= James E. Hurley =

James E. Hurley was appointed to be the chief financial officer of Britannica.com Inc. on 10 November 1999.

On 3 November 2000, Hurley resigned from Britannica.com Inc. Hurley returned to his prior career in financial and general management. He is co-founder of TRU Aseptics, LLC, a technology-based beverage and ingredient processor. Prior to co-founding TRU Aseptics, Hurley was president and CEO of Vegetable Juices, Inc., a midwestern U.S. marketer and manufacturer of specialty food ingredient products acquired by France-based Naturex in 2014.

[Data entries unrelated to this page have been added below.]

Lemma no_single_opposite u v t : (z - p) u != 0 -> (z - p) v = 0 -> (t = 1 \/ t = -1) ->
  B (p + chi v *~ t) -> B (p + (chi u *~ dir u + chi v *~ (-t))) -> False.
Proof.
move=> hu hv ht Ba Bb.
have uv := supp_off_neq hu hv; have gu := dir_unit hu.
have Eba : p + (chi u *~ dir u + chi v *~ (-t)) - (p + chi v *~ t) =
  chi u *~ dir u + chi v *~ (- (t + t)) by vec.
have := exchange_toward Hexc Ba Bb (w := u); rewrite Eba.
have -> : (chi u *~ dir u + chi v *~ (- (t + t))) u = dir u.
  by rewrite !zaddE !chiZE; neqs; rewrite ?add0r ?addr0.
rewrite sg_dir //.
case=> [|y [c [By [_ Hc]]]]; first by apply/eqP; lia.
case: Hc => [c0|[yu [Hy Ec]]].
- subst c.
  have E : p + chi v *~ t + (chi u *~ dir u + chi y *~ 0) =
    p + (chi u *~ dir u + chi v *~ t) by vec.
  by rewrite E in By; exact: (no_opposite_pair hu hu hv ht By Bb).
- case: (chi2_supp Hy) => [yu2|yv]; first by move: yu; rewrite yu2 eqxx.
  subst y; move: Ec; rewrite !zaddE !chiZE; neqs; rewrite ?add0r ?addr0 => Ec.
  have E : p + chi v *~ t + (chi u *~ dir u + chi v *~ c) = p + chi u *~ dir u.
    by rewrite Ec; vec.
  by rewrite E in By; have := nearest1 By; rewrite dgain_dir.
Qed.

Definition mixed (x : V) (t : int) : Prop :=
  exists u, (z - p) u != 0 /\ B (p + (chi u *~ dir u + chi x *~ t)).

(* Auxiliary case of mixed_transfer: the three-coordinate point obtained
   there, exchanged back towards p + dir u chi_u - t chi_v, makes w mixed. *)
Lemma mixed_of_triple u v w t t' :
  (z - p) u != 0 -> (z - p) v = 0 -> (z - p) w = 0 -> v != w ->
  (t = 1 \/ t = -1) -> (t' = 1 \/ t' = -1) ->
  B (p + (chi u *~ dir u + chi v *~ t + chi w *~ t')) ->
  B (p + (chi u *~ dir u + chi v *~ (-t))) -> mixed w t'.
Proof.
move=> hu hv hw vw ht ht' Bt Bm.
have uv := supp_off_neq hu hv; have uw := supp_off_neq hu hw.
have Emr : p + (chi u *~ dir u + chi v *~ (-t)) -
    (p + (chi u *~ dir u + chi v *~ t + chi w *~ t')) =
  chi v *~ (- (t + t)) + chi w *~ (- t') by vec.
have := exchange_toward Hexc Bt Bm (w := v); rewrite Emr.
have -> : (chi v *~ (- (t + t)) + chi w *~ (- t')) v = - (t + t).
  by rewrite !zaddE !chiZE; neqs; rewrite ?add0r ?addr0.
case=> [|y [c [By [_ Hc]]]]; first by apply/eqP; lia.
case: Hc => [c0|[yv [Hy Ec]]].
- subst c; exists u; split => //.
  have E : p + (chi u *~ dir u + chi v *~ t + chi w *~ t') +
      (chi v *~ Num.sg (- (t + t)) + chi y *~ 0) =
    p + (chi u *~ dir u + chi w *~ t') by vec.
  by rewrite -E.
- case: (chi2_supp Hy) => [yv2|yw]; first by move: yv; rewrite yv2 eqxx.
  subst y; move: Ec; rewrite !zaddE !chiZE; neqs; rewrite ?add0r ?addr0 => Ec.
  have E : p + (chi u *~ dir u + chi v *~ t + chi w *~ t') +
      (chi v *~ Num.sg (- (t + t)) + chi w *~ c) = p + chi u *~ dir u.
    by rewrite Ec; vec.
  by rewrite E in By; have := nearest1 By; rewrite dgain_dir.
Qed.

Lemma mixed_transfer u v w t t' :
  (z - p) u != 0 -> (z - p) v = 0 -> (z - p) w = 0 -> v != w ->
  (t = 1 \/ t = -1) -> (t' = 1 \/ t' = -1) ->
  B (p + (chi v *~ t + chi w *~ t')) -> B (p + (chi u *~ dir u + chi v *~ (-t))) ->
  mixed w t'.
Proof.
move=> hu hv hw vw ht ht' Bc Bm.
have uv := supp_off_neq hu hv; have uw := supp_off_neq hu hw.
have gu := dir_unit hu.
have Emc : p + (chi u *~ dir u + chi v *~ (-t)) - (p + (chi v *~ t + chi w *~ t')) =
  chi u *~ dir u + chi v *~ (- (t + t)) + chi w *~ (- t') by vec.
have := exchange_toward Hexc Bc Bm (w := u); rewrite Emc.
have -> : (chi u *~ dir u + chi v *~ (- (t + t)) + chi w *~ (- t')) u = dir u.
  by rewrite !zaddE !chiZE; neqs; rewrite ?add0r ?addr0.
rewrite sg_dir //.
case=> [|y [c [By [_ Hc]]]]; first by apply/eqP; lia.
case: Hc => [c0|[yu [Hy Ec]]].
- subst c.
  have E : p + (chi v *~ t + chi w *~ t') + (chi u *~ dir u + chi y *~ 0) =
    p + (chi u *~ dir u + chi v *~ t + chi w *~ t') by vec.
  by rewrite E in By; exact: mixed_of_triple hu hv hw vw ht ht' By Bm.
- case: (chi3_supp Hy) => [yu2|[yv|yw]]; first by move: yu; rewrite yu2 eqxx.
  + subst y; move: Ec; rewrite !zaddE !chiZE; neqs; rewrite ?add0r ?addr0 => Ec.
    exists u; split => //.
    have E : p + (chi v *~ t + chi w *~ t') + (chi u *~ dir u + chi v *~ c) =
      p + (chi u *~ dir u + chi w *~ t') by rewrite Ec; vec.
    by rewrite -E.
  + subst y; move: Ec; rewrite !zaddE !chiZE; neqs; rewrite ?add0r ?addr0 => Ec.
    have E : p + (chi v *~ t + chi w *~ t') + (chi u *~ dir u + chi w *~ c) =
      p + (chi u *~ dir u + chi v *~ t) by rewrite Ec; vec.
    by rewrite E in By; case: (no_opposite_pair hu hu hv ht By Bm).
Qed.

(* The separating sign vector: sg(z - p) on the support of z - p; off it,
   the sign opposite to the one in which the coordinate is mixed (well defined
   by no_opposite_pair), and 0 if it is not mixed at all. *)
Definition sepsign (x : V) : int :=
  if (z - p) x != 0 then dir x
  else if excluded_middle_informative (mixed x 1) then -1
  else if excluded_middle_informative (mixed x (-1)) then 1 else 0.

Lemma sepsign_range x : sepsign x = 1 \/ sepsign x = 0 \/ sepsign x = -1.
Proof.
rewrite /sepsign; case: ifP => [h|_]; first by case: (dir_unit h) => ->; auto.
by case: excluded_middle_informative => ?; [|case: excluded_middle_informative => ?]; auto.
Qed.

Lemma sepsign_supp x : (z - p) x != 0 -> sepsign x = dir x.
Proof. by rewrite /sepsign => ->. Qed.

Lemma sepsign_mixed x t : (z - p) x = 0 -> (t = 1 \/ t = -1) -> mixed x t -> sepsign x = - t.
Proof.
move=> hx ht M; rewrite /sepsign hx eqxx /=.
case: excluded_middle_informative => [[u [hu Bu]]|nM1].
  case: ht => Et; subst t => //; case: M => u' [hu' Bu'].
  by case: (no_opposite_pair hu hu' hx (or_introl erefl) Bu Bu').
case: ht => Et; subst t => //.
by case: excluded_middle_informative.
Qed.

Lemma mixed_of_sepsign x e : (z - p) x = 0 -> (e = 1 \/ e = -1) ->
  sepsign x * e = 1 -> mixed x (- e).
Proof.
move=> hx he; rewrite /sepsign hx eqxx /=.
case: excluded_middle_informative => [M|nM] /= H; first by have -> : - e = 1 by lia.
move: H; case: excluded_middle_informative => [M|nM'] /= H; last by lia.
by have -> : - e = -1 by lia.
Qed.

Lemma step_sign_mixed w y e c : (z - p) w != 0 -> (z - p) y = 0 ->
  (e = 1 \/ e = -1) -> (c = 1 \/ c = -1) ->
  B (p + (chi w *~ e + chi y *~ c)) -> sepsign w * e + sepsign y * c <= 0.
Proof.
move=> hw hy he hc Bwy.
have := nearest2 (supp_off_neq hw hy) Bwy.
rewrite dgain_supp // dgain_off // sepsign_supp //.
have [H1|H1] : dir w * e = 1 \/ dir w * e = -1.
  by case: (dir_unit hw) => ->; case: he => ->; auto.
- have Ee : e = dir w by case: (dir_unit hw) => E; rewrite E in H1 *; lia.
  have M : mixed y c by exists w; split => //; rewrite -Ee.
  by rewrite (sepsign_mixed hy hc M) H1; case: hc => ->; lia.
- by rewrite H1; case: (sepsign_range y) => [->|[->|->]]; case: hc => ->; lia.
Qed.

Lemma step_sign_off w y e c : y != w -> (z - p) w = 0 -> (z - p) y = 0 ->
  (e = 1 \/ e = -1) -> (c = 1 \/ c = -1) ->
  B (p + (chi w *~ e + chi y *~ c)) -> sepsign w * e + sepsign y * c <= 0.
Proof.
move=> yw hw hy he hc Bwy.
have Byw : B (p + (chi y *~ c + chi w *~ e)) by rewrite [chi y *~ c + _]addrC.
have wy : w != y by rewrite eq_sym.
have [Hw|Hw] : sepsign w * e = 1 \/ sepsign w * e <= 0.
  by case: (sepsign_range w) => [->|[->|->]]; case: he => ->; lia.
  have [u [hu Bu]] := mixed_of_sepsign hw he Hw.
  have M := mixed_transfer hu hw hy wy he hc Bwy Bu.
  by rewrite Hw (sepsign_mixed hy hc M); case: hc => ->; lia.
have [Hy|Hy] : sepsign y * c = 1 \/ sepsign y * c <= 0.
  by case: (sepsign_range y) => [->|[->|->]]; case: hc => ->; lia.
  have [u [hu Bu]] := mixed_of_sepsign hy hc Hy.
  have M := mixed_transfer hu hy hw yw hc he Byw Bu.
  by rewrite Hy (sepsign_mixed hw he M); case: he => ->; lia.
by lia.
Qed.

Hurley received an Master of Business Administration, with distinction, from DePaul University, where he was an adjunct member of the department of finance faculty at the Kellstadt Graduate School of Business from 1988 to 2003. He presently is a Clinical Instructor of Strategy at DePaul University's Center for Strategy, Execution and Valuation. Hurley was recognized as an Executive Scholar in Strategy and Leadership by the Kellogg School of Management in 2007. He holds a CPD in strategy from the Wharton School and is a Wharton Fellow. He is a 2010 graduate of the President's Forum advanced study program in Peer Directed Emotional Intelligence (PdEI) at the Liautaud Graduate School of Business at the University of Illinois Chicago and is also certified in Production and Inventory Management (CPIM), a Certified Supply Chain Professional (CSCP) and a member of the American Inventory and Control Society. He is a credentialed Associate Certified Coach (ACC) by the International Coach Federation (ICF). Hurley presently serves on the board of advisors of The School of Music of DePaul University. He is a licensed certified public accountant in Illinois.